● How to complete this task
Count the lines below that carry the word "Hsigma". Answer with that number alone.

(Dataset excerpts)
Definition odd_time (v : R) : R := atan (sinA v / cosA v) + sinA v.

Lemma odd_time_0 : odd_time 0 = 0.
Proof. unfold odd_time, sinA. rewrite !Rmult_0_l, Rdiv_0_l, atan_0. ring. Qed.

Lemma is_derive_odd_time (v : R) :
  xA * v ^ 2 < 1 -> is_derive odd_time v (2 * xA * sqrt (sigma (v ^ 2))).
Proof.
intros Hv. pose proof (sigma_pos v Hv) as Hs.
assert (Hq : sqrt (sigma (v ^ 2)) * sqrt (sigma (v ^ 2)) = sigma (v ^ 2)) by (apply sqrt_sqrt; lra).
assert (0 < sqrt (sigma (v ^ 2))) by (apply sqrt_lt_R0; lra).
unfold odd_time, sinA, cosA. unfold sigma in *.
auto_derive.
- repeat split; lra.
- set (q := sqrt _) in *.
  assert (HxA : xA = 2 / (q * q + v * v)) by (rewrite Hq; field; lra).
  assert (Hm : v * v < q * q).
  { rewrite Hq. apply (Rmult_lt_reg_l xA); [lra|]. field_simplify; lra. }
  (* eliminating [xA] through [q^2 + v^2 = 2/xA] makes the identity rational *)
  rewrite HxA. field. repeat split; nra.
Qed.

Section Arrival.

Variable xB : R.

Definition reduced_time (v : R) : R :=
  PI + odd_time v + kepler_time (1 - xB * sigma (v ^ 2)).

Definition T_smooth (v : R) : R := kepler_scale (sigma (v ^ 2)) * reduced_time v.

Lemma T_IR_eq_T_smooth (v : R) : xA * v ^ 2 < 1 -> T_IR xA xB v = T_smooth v.
Proof.
intros Hv. pose proof (sigma_pos v Hv) as Hs.
assert (HH : energy xA v < 0) by (pose proof (sigma_energy v); lra).
assert (HcosA : 0 < cosA v <= 1) by (unfold cosA; pose proof (pow2_ge_0 v); nra).
assert (HsinA : sinA v = v * (xA * sqrt (sigma (v ^ 2)))) by (unfold sinA; ring).
assert (Hk : 0 <= xA * sqrt (sigma (v ^ 2))) by (pose proof (sqrt_pos (sigma (v ^ 2))); nra).
assert (HA : 1 - xA * sigma (v ^ 2) = - cosA v) by (unfold cosA, sigma; field; lra).
unfold T_IR, T_smooth, reduced_time, odd_time. cbv zeta.
destruct (Rle_dec v 0) as [Hle|Hgt].
- rewrite !t_out_neg_energy, sigma_energy, HA, kepler_time_opp, sqrt_one_minus_cosA_sqr by lra.
  rewrite Rabs_left1 by nra.
  replace (- sinA v / cosA v) with (- (sinA v / cosA v)) by (field; lra).
  rewrite atan_opp. ring.
- rewrite !t_out_neg_energy by lra.
  replace (1 - - / energy xA v * (-2 * energy xA v)) with (-1) by (field; lra).
  rewrite kepler_time_m1, sigma_energy, HA, kepler_time_opp, sqrt_one_minus_cosA_sqr by lra.
  rewrite Rabs_pos_eq by nra. ring.
Qed.

Hypothesis hxB : 0 < xB < xA.

Lemma cos_anomaly_B_bounds (v : R) : xA * v ^ 2 < 1 -> -1 < 1 - xB * sigma (v ^ 2) < 1.
Proof.
intros Hv. pose proof (sigma_pos v Hv) as Hs.
assert (HB : xB * sigma (v ^ 2) <= xB * (2 / xA)).
{ apply Rmult_le_compat_l; [lra|]. unfold sigma. pose proof (pow2_ge_0 v). lra. }
assert (H2 : xB * (2 / xA) < 2).
{ apply (Rmult_lt_reg_l xA); [lra|]. field_simplify; lra. }
split; [lra|]. assert (0 < xB * sigma (v ^ 2)) by (apply Rmult_lt_0_compat; lra). lra.
Qed.

Lemma is_derive_reduced_time (v : R) : xA * v ^ 2 < 1 ->
  is_derive reduced_time v
    (2 * xA * sqrt (sigma (v ^ 2)) + 2 * xB * v * kepler_time' (1 - xB * sigma (v ^ 2))).
Proof.
intros Hv.
change (2 * xA * sqrt (sigma (v ^ 2)) + 2 * xB * v * kepler_time' (1 - xB * sigma (v ^ 2)))
  with (plus (2 * xA * sqrt (sigma (v ^ 2)))
          (scal (2 * xB * v) (kepler_time' (1 - xB * sigma (v ^ 2))))).
apply (is_derive_plus (fun t => PI + odd_time t) (fun t => kepler_time (1 - xB * sigma (t ^ 2)))).
- pose proof (is_derive_odd_time v Hv) as Hodd.
  auto_derive; [now exists (2 * xA * sqrt (sigma (v ^ 2))) |].
  replace (Derive (fun t : R => odd_time t) v) with (2 * xA * sqrt (sigma (v ^ 2)))
    by (symmetry; now apply is_derive_unique).
  ring.
- apply (is_derive_comp kepler_time (fun t => 1 - xB * sigma (t ^ 2))).
  + now apply is_derive_kepler_time, cos_anomaly_B_bounds.
  + unfold sigma. auto_derive; [easy | ring].
Qed.

Definition T_curv (v : R) : R :=
  kepler_scale (sigma (v ^ 2))
  * (3 * reduced_time v / sigma (v ^ 2) + 2 * xB * kepler_time' (1 - xB * sigma (v ^ 2))).

Definition T_smooth' (v : R) : R := 2 * xA / sigma (v ^ 2) + v * T_curv v.

Lemma is_derive_T_smooth (v : R) : xA * v ^ 2 < 1 -> is_derive T_smooth v (T_smooth' v).
Proof.
intros Hv. pose proof (sigma_pos v Hv) as Hs.
assert (Hscale : is_derive (fun t => kepler_scale (sigma (t ^ 2))) v
                   (- (2 * v) * (- (3 / 2) * kepler_scale (sigma (v ^ 2)) / sigma (v ^ 2)))).
{ apply (is_derive_comp kepler_scale (fun t => sigma (t ^ 2))).
  - apply is_derive_kepler_scale. lra.
  - unfold sigma. auto_derive; [easy | ring]. }
pose proof (Derive.is_derive_mult _ _ v _ _ Hscale (is_derive_reduced_time v Hv)) as HT.
unfold T_smooth.
replace (T_smooth' v) with
  (- (2 * v) * (- (3 / 2) * kepler_scale (sigma (v ^ 2)) / sigma (v ^ 2)) * reduced_time v
   + kepler_scale (sigma (v ^ 2))
     * (2 * xA * sqrt (sigma (v ^ 2)) + 2 * xB * v * kepler_time' (1 - xB * sigma (v ^ 2))));
  [exact HT|].
assert (Hq : sqrt (sigma (v ^ 2)) * sqrt (sigma (v ^ 2)) = sigma (v ^ 2)) by (apply sqrt_sqrt; lra).
assert (0 < sqrt (sigma (v ^ 2))) by (apply sqrt_lt_R0; lra).
unfold T_smooth', T_curv, kepler_scale. set (q := sqrt (sigma (v ^ 2))) in *. rewrite <- Hq.
field. lra.
Qed.

Lemma ex_derive_T_curv_0 : ex_derive T_curv 0.
Proof.
assert (H0 : xA * 0 ^ 2 < 1) by (ring_simplify; lra).
pose proof (sigma_pos 0 H0) as Hs. pose proof (cos_anomaly_B_bounds 0 H0) as HyB.
assert (Hy : 0 < 1 - (1 - xB * sigma (0 ^ 2))²) by (unfold Rsqr; nra).
assert (Hsigma : forall u, ex_derive sigma u) by (intros; unfold sigma; auto_derive; easy).
unfold T_curv, kepler_time'. auto_derive.
replace (0 * (0 * 1)) with (0 ^ 2) by ring. unfold Rminus in *.
repeat split; auto.
- eexists. apply is_derive_kepler_scale. lra.
- eexists. now apply is_derive_reduced_time.
- lra.
- now apply Rgt_not_eq, sqrt_lt_R0.
Qed.

Lemma is_derive_T_smooth'_0 : is_derive T_smooth' 0 (T_curv 0).
Proof.
assert (H0 : xA * 0 ^ 2 < 1) by (ring_simplify; lra).
pose proof (sigma_pos 0 H0) as Hs.
pose proof ex_derive_T_curv_0 as Hc.
unfold T_smooth', sigma in *. auto_derive.
- repeat split; auto. replace (0 * (0 * 1)) with 0 by ring. unfold Rdiv. lra.
- ring.
Qed.

(* [kepler_time'] blows up at [-1], the limit of its argument [1 - 2 xB/xA]
   as [xB -> xA], while the other term stays below [12 xA]. *)
Lemma T_curv_0_neg : xA - xA / 100 < xB -> T_curv 0 < 0.
Proof.
intros HB.
assert (H0 : xA * 0 ^ 2 < 1) by (ring_simplify; lra).
pose proof (cos_anomaly_B_bounds 0 H0) as HyB.
assert (Hsigma : sigma (0 ^ 2) = 2 / xA) by (unfold sigma; ring).
assert (Hscale : 0 < kepler_scale (2 / xA)).
{ assert (Hs : 0 < 2 / xA) by (apply Rdiv_lt_0_compat; lra).
  unfold kepler_scale. apply Rinv_0_lt_compat, Rmult_lt_0_compat; [lra | now apply sqrt_lt_R0]. }
assert (Htime : reduced_time 0 <= 2 * PI).
{ unfold reduced_time. rewrite odd_time_0.
  pose proof (kepler_time_le_PI (1 - xB * sigma (0 ^ 2)) ltac:(lra)). lra. }
set (r := xB / xA).
assert (Hr : 99 / 100 < r < 1).
{ unfold r. split; apply (Rmult_lt_reg_r xA); try lra; field_simplify; lra. }
assert (Hy : 1 - xB * sigma (0 ^ 2) = 1 - 2 * r) by (rewrite Hsigma; unfold r; field; lra).
set (p := sqrt (1 - (1 - 2 * r)²)).
assert (Hp2 : p * p = 4 * r * (1 - r)) by (unfold p; rewrite sqrt_sqrt; unfold Rsqr; nra).
assert (Hp : 0 < p) by (unfold p; apply sqrt_lt_R0; unfold Rsqr; nra).
assert (Hp5 : p < 1 / 5) by nra.
assert (Hfirst : 3 * reduced_time 0 / (2 / xA) <= 12 * xA).
{ pose proof PI_4. replace (3 * reduced_time 0 / (2 / xA)) with (3 / 2 * xA * reduced_time 0)
    by (field; lra). nra. }
assert (Hsecond : 2 * xB * kepler_time' (1 - 2 * r) < - 12 * xA).
{ unfold kepler_time'. fold p.
  replace (2 * xB * (- (1 - (1 - 2 * r)) / p)) with (- (4 * r * r * xA) / p)
    by (unfold r; field; lra).
  apply (Rmult_lt_reg_r p); [lra|].
  replace (- (4 * r * r * xA) / p * p) with (- (4 * r * r * xA)) by (field; lra).
  assert (12 * p < 4 * r * r) by nra. nra. }
assert (Hsum : 3 * reduced_time 0 / (2 / xA) + 2 * xB * kepler_time' (1 - 2 * r) < 0) by lra.
unfold T_curv. rewrite Hy, Hsigma.
nra.
Qed.

Lemma T_IR_derivative (v : R) :
  Rabs v < / (1 + xA) -> derivable_pt_lim (T_IR xA xB) v (T_smooth' v).
Proof.
intros Hv. apply is_derive_Reals, is_derive_ext_loc with T_smooth.
- apply (locally_interval (- / (1 + xA)) (/ (1 + xA))); [apply Rabs_def2 in Hv; lra|].
  intros t Ht. symmetry. apply T_IR_eq_T_smooth, small_speed, Rabs_def1; lra.
- now apply is_derive_T_smooth, small_speed.
Qed.

End Arrival.

End Kepler.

● Solved exercise
4